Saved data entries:
★ ★ ★ ★ ★
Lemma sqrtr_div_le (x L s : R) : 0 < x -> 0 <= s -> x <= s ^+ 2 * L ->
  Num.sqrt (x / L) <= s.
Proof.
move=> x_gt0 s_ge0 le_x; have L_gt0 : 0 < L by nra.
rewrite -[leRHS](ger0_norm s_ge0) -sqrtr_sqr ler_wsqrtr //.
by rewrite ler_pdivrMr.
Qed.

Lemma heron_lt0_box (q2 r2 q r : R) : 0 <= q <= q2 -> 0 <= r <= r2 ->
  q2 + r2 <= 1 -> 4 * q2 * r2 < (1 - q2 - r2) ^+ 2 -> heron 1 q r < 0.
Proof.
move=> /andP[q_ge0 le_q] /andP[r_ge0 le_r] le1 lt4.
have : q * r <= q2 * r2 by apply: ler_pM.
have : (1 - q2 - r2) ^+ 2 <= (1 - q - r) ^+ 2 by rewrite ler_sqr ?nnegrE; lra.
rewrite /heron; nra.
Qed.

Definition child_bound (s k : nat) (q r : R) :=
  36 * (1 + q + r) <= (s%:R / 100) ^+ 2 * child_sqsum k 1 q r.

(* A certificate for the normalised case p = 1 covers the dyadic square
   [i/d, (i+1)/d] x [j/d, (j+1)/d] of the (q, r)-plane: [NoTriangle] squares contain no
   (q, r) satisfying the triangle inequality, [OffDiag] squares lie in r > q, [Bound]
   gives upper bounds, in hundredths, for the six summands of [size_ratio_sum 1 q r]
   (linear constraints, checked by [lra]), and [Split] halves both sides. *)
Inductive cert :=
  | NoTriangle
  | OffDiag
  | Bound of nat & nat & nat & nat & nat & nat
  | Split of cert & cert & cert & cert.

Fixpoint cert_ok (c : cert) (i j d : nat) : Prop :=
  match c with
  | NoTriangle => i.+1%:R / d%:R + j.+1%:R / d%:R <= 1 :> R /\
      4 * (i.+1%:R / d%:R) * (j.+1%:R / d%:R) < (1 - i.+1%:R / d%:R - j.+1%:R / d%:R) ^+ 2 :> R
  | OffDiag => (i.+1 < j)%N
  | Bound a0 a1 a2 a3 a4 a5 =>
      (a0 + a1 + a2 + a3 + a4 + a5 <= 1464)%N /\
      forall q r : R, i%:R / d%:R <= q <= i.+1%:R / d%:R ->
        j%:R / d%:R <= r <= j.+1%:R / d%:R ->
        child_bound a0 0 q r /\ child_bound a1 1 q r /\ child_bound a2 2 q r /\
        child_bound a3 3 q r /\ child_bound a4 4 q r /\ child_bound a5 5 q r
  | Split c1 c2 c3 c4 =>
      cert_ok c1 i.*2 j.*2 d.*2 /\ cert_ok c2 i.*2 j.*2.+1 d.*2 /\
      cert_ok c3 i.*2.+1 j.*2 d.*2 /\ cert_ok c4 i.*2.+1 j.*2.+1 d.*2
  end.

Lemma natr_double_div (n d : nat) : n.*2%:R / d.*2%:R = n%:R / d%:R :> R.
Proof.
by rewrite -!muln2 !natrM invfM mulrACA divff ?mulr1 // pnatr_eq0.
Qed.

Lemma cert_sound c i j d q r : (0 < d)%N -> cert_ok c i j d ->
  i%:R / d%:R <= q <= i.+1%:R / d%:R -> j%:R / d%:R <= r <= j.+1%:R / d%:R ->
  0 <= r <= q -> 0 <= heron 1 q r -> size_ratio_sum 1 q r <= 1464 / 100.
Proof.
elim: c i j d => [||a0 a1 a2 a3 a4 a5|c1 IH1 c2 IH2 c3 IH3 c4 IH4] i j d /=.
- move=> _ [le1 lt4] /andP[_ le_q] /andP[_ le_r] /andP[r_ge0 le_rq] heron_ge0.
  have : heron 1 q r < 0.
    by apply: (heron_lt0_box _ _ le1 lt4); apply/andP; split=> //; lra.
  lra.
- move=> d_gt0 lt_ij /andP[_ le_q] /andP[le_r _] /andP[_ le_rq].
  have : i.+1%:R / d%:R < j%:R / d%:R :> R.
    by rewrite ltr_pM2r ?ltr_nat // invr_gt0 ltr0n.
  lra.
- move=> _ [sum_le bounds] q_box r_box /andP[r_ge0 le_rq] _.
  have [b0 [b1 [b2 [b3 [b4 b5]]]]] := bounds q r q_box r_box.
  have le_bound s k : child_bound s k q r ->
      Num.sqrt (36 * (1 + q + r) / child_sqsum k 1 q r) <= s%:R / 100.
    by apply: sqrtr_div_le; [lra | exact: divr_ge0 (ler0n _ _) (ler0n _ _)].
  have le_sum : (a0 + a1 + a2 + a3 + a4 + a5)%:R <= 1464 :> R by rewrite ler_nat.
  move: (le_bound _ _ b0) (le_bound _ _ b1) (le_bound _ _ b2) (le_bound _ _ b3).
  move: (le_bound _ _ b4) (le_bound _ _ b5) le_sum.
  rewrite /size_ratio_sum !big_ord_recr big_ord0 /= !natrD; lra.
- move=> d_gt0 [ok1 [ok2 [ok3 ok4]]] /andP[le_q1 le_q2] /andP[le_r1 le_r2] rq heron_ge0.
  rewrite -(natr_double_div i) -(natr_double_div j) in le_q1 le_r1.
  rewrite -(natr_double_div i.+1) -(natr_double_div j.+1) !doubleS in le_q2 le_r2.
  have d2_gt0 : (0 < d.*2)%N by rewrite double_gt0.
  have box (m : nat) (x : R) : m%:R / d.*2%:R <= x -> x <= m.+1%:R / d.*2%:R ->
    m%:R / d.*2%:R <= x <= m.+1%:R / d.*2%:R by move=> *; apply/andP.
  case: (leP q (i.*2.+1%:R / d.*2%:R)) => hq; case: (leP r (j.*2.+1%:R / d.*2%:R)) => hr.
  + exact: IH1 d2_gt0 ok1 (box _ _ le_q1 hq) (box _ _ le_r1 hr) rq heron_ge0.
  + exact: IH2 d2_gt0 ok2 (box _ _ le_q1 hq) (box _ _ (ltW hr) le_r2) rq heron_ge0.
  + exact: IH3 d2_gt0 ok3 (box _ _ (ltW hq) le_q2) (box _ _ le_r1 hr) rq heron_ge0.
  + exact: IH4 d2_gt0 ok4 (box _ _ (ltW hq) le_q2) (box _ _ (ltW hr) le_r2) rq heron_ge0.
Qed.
★ ★ ★ ★ ★
▸ Problem to work on: Could you repeat exactly the lines above from the line with "- move=> _ [sum_le" up to and including the line with "rewrite -(natr_double_div i)", and only those?

▸ Answer:
- move=> _ [sum_le bounds] q_box r_box /andP[r_ge0 le_rq] _.
  have [b0 [b1 [b2 [b3 [b4 b5]]]]] := bounds q r q_box r_box.
  have le_bound s k : child_bound s k q r ->
      Num.sqrt (36 * (1 + q + r) / child_sqsum k 1 q r) <= s%:R / 100.
    by apply: sqrtr_div_le; [lra | exact: divr_ge0 (ler0n _ _) (ler0n _ _)].
  have le_sum : (a0 + a1 + a2 + a3 + a4 + a5)%:R <= 1464 :> R by rewrite ler_nat.
  move: (le_bound _ _ b0) (le_bound _ _ b1) (le_bound _ _ b2) (le_bound _ _ b3).
  move: (le_bound _ _ b4) (le_bound _ _ b5) le_sum.
  rewrite /size_ratio_sum !big_ord_recr big_ord0 /= !natrD; lra.
- move=> d_gt0 [ok1 [ok2 [ok3 ok4]]] /andP[le_q1 le_q2] /andP[le_r1 le_r2] rq heron_ge0.
  rewrite -(natr_double_div i) -(natr_double_div j) in le_q1 le_r1.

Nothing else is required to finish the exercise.